De nombreux chapitres durant, les personnages maîtrisant peu de choses, sur cette île et parmi cette secte, on navigue à vue, cherchant comme eux à démêler le vrai du faux, les secrets de Basile, les mensonges d’Octavia. il y a de bons retournements, qui participent activement à fragiliser la psychologie d’Octavia, comme le vrai rôle de son frère, et qui justifie qu’elle aille de plus en plus loin dans la manipulation pour se venger. Mais, submergée par ses émotions négatives, elle agit très souvent sans trop réfléchir, obligeant ses amis à rattraper les choses, mais pour autant tout se passe à peu près selon le plan.

La fin est dantesque, avec un déferlement de violence physique et morale qui aurait peut-être nécessité un petit trigger warning (dont je ne suis pourtant pas fan). Mais bon, on va se dire que venant d’un personnage qui garde dans une valise les restes carbonisés de ses proches, une petite cérémonie de sacrifice humain typiquement maya... Et puis avec Buluc Chabtan, nous étions prévenus : ce n’est pas le dieu des papillons et des petites fleurs.

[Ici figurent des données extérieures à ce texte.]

(* Let $n>2$ be odd, let $\zeta\in\bar{\mathbb Q}$ be a primitive $n$-th root of unity, let $c$ be a positive rational number such that $x^n-c$ is irreducible over $\mathbb Q$, and let $a=c^{1/n}$ be the positive real root of $x^n-c$. Let $l$ be a positive divisor of $n$, $L=\mathbb Q(a)$ and $M=\mathbb Q(a,\zeta^l)$. Then $\rho_{\mathbb Q}(M,L)=n/l$ and $\tau_{\mathbb Q}(M,L)=l$; in particular $\tau_{\mathbb Q}(M,L)\,\rho_{\mathbb Q}(M,L)=[L:\mathbb Q]$.
   Context: For finite extensions $L/K$, $M/K$ inside a fixed algebraic closure: writing $L=K(\alpha)$ with minimal polynomial $f$ of $\alpha$ over $K$, the root capacity $\rho_K(M,L)$ is the number of roots of $f$ lying in $M$ (independent of the choice of $\alpha$). If $L_1,\dots,L_a$ are all the distinct subfields of $M$ isomorphic to $L$ over $K$, the intersection indicium is $\tau_K(M,L)=[L_1\cap\cdots\cap L_a:K]$ if $a\ge1$ and $0$ if $a=0$. *)

From HB Require Import structures.
From mathcomp Require Import all_boot all_order all_algebra all_field.
From Stdlib Require Import ClassicalEpsilon.
Set Implicit Arguments. Unset Strict Implicit. Unset Printing Implicit Defensive.
Import Order.TTheory GRing.Theory Num.Theory.
Local Open Scope ring_scope.

(* All fields live inside a finite extension E of a base field F; for the
   main theorem F = rat, E is embedded in algC (the fixed algebraic closure),
   and every field involved (L, M, the conjugates of L inside M) lies in E. *)

Section RootCapacity.
Variables (F : fieldType) (E : fieldExtType F).

Definition is_roots_in (M : {vspace E}) (p : {poly E}) (s : seq E) : Prop :=
  uniq s /\ forall x, x \in s <-> (x \in M /\ root p x).

Definition num_roots_in (M : {vspace E}) (p : {poly E}) : nat :=
  size (epsilon (inhabits [::]) (is_roots_in M p)).

Definition prim_elt (K L : {vspace E}) : E :=
  epsilon (inhabits 0) (fun alpha => <<K; alpha>>%VS = L).

Definition root_capacity (K M L : {vspace E}) : nat :=
  num_roots_in M (minPoly K (prim_elt K L)).

Definition iso_over (K L L' : {vspace E}) : Prop :=
  exists f : 'End(E), kHom K L f /\ (f @: L)%VS = L'.

Definition conj_in (K M L L' : {vspace E}) : Prop :=
  (L' <= M)%VS /\ iso_over K L L'.

Definition conj_intersection (K M L : {vspace E}) : {vspace E} :=
  epsilon (inhabits 0%VS) (fun I : {vspace E} =>
    forall x, x \in I <-> (forall L', conj_in K M L L' -> x \in L')).

Definition intersection_indicium (K M L : {vspace E}) : nat :=
  if excluded_middle_informative (exists L', conj_in K M L L')
  then \dim_K (conj_intersection K M L) else 0%N.

End RootCapacity.

From HB Require Import structures.
From mathcomp Require Import all_boot all_order all_algebra all_field.
From mathcomp Require Import ring.
From Stdlib Require Import ClassicalEpsilon.
Import Order.TTheory GRing.Theory Num.Theory.
Set Implicit Arguments. Unset Strict Implicit. Unset Printing Implicit Defensive.

(* Every root of [X^n - c] is some [a * zeta ^+ i].  Since [iota] maps [Q(a)]
   into the reals and [n] is odd, the only root of unity of odd order in
   [Q(a)] is [1]; together with the fact that a real element of [Q(zeta)]
   with rational [n]-th power is rational, this gives [[K(a) : K] = n] for
   every subfield [K] of [Q(zeta)], hence [M] meets [Q(zeta)] in [Q(omega)],
   [omega = zeta ^+ l].  For odd [n], [zeta ^+ k] lies in [Q(omega)] only if
   [l] divides [k], so the roots of [X^n - c] in [M] are the [n / l] numbers
   [a * omega ^+ j], and any primitive element of [L] has as many conjugates
   in [M] as [a] has.  The conjugates of [L] in [M] are the fields
   [Q(a * omega ^+ j)]; they all contain [a ^+ (n / l)], and comparing degrees
   with a Kummer argument shows [Q(a) :&: Q(a * omega) = Q(a ^+ (n / l))],
   a field of degree [l]. *)

Lemma coprime_quotient_shift_exists (N q : nat) :
  prime q -> q %| N -> odd N ->
  exists2 s, coprime (N %/ q * s + 1) N & ~~ (q %| s).
Proof.
move=> q_pr qN N_odd; set x := N %/ q.
have DN : N = x * q by rewrite divnK.
have q_gt2 : 2 < q.
  rewrite ltn_neqAle prime_gt1 // andbT; apply: contraTneq (dvdn_odd qN N_odd).
  by move <-.
have x_coprime s : coprime (x * s + 1) x.
  by rewrite -coprime_modl mulnC modnMDl coprime_modl coprime1n.
have q_ndvd1 : ~~ (q %| 1) by rewrite dvdn1 gtn_eqF ?prime_gt1.
have [qx1 | qNx1] := boolP (q %| x + 1).
  exists 2; last by apply/negP => /(dvdn_leq (isT : 0 < 2)); rewrite leqNgt q_gt2.
  rewrite DN coprimeMr x_coprime coprime_sym prime_coprime //.
  have -> : x * 2 + 1 = x + (x + 1) by rewrite mulnS muln1 addnA.
  by rewrite dvdn_addl //; apply: contraNN q_ndvd1 => qx; rewrite -(dvdn_addr 1 qx).
exists 1; last by [].
by rewrite DN coprimeMr x_coprime coprime_sym prime_coprime // muln1.
Qed.

Local Open Scope ring_scope.

Lemma prim_root_neq0 (R : nzRingType) (n : nat) (z : R) :
  n.-primitive_root z -> z != 0.
Proof.
move=> z_prim; apply: contra_eq_neq (prim_expr_order z_prim) => ->.
by rewrite expr0n gtn_eqF ?(prim_order_gt0 z_prim) // eq_sym oner_neq0.
Qed.

Lemma real_unity_odd_eq1 (R : numDomainType) (x : R) (m : nat) :
  odd m -> x \is Num.real -> x ^+ m = 1 -> x = 1.
Proof.
move=> m_odd xR xm; have m_gt0 : (0 < m)%N by case: m m_odd {xm}.
have x_ge0 : 0 <= x by rewrite -(real_exprn_odd_ge0 xR m_odd) xm ler01.
by apply/eqP; rewrite -(pexpr_eq1 m_gt0 x_ge0) xm.
Qed.

Lemma conj_unity (C : numClosedFieldType) (n : nat) (u : C) :
  (0 < n)%N -> u ^+ n = 1 -> u^* = u ^+ n.-1.
Proof.
move=> n_gt0 un; have u_neq0 : u != 0.
  by apply: contra_eq_neq un => ->; rewrite expr0n gtn_eqF // eq_sym oner_neq0.
have u_norm : `|u| = 1.
  by apply/eqP; rewrite -(pexpr_eq1 n_gt0) ?normr_ge0 // -normrX un normr1.
by apply: (mulfI u_neq0); rewrite -normCK u_norm expr1n -exprS prednK.
Qed.

Local Notation QtoC := (map_poly (ratr : rat -> algC)).

Lemma aut_QtoC_horner (nu : {rmorphism algC -> algC}) (P : {poly rat}) y :
  nu (QtoC P).[y] = (QtoC P).[nu y].
Proof.
rewrite -horner_map -map_poly_comp; congr (_.[_]).
by apply: eq_map_poly => r /=; rewrite fmorph_rat.
Qed.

À l’issue de cette lecture, je suis assez partagé. La narration aura été longtemps laborieuse, certaines béances dans l’univers n’aident pas à s’y immerger, et j’ai eu du mal à « m’attacher » à Octavia, tellement jusqu’au-boutiste et impulsive que ses actes sont contre-productifs. C’est à l’image du caractère des autres personnages, trop entiers. Clémence « bascule » trop vite elle aussi pour qu’on y croie. De fait, avec ce climat de secte et de mensonge permanent, de perte de confiance mutuelle, Bleuenn Guillou crée ce climat si propice à des actes extrêmes, impulsifs, abolissant peu à peu les barrières morales, pour conduire à ce finale quasi lovecraftien où chacun agit parfois à l’encontre de ses valeurs, poussé par ses pires instincts à des actes qu’il aurait jugé inadmissibles au début de l’histoire.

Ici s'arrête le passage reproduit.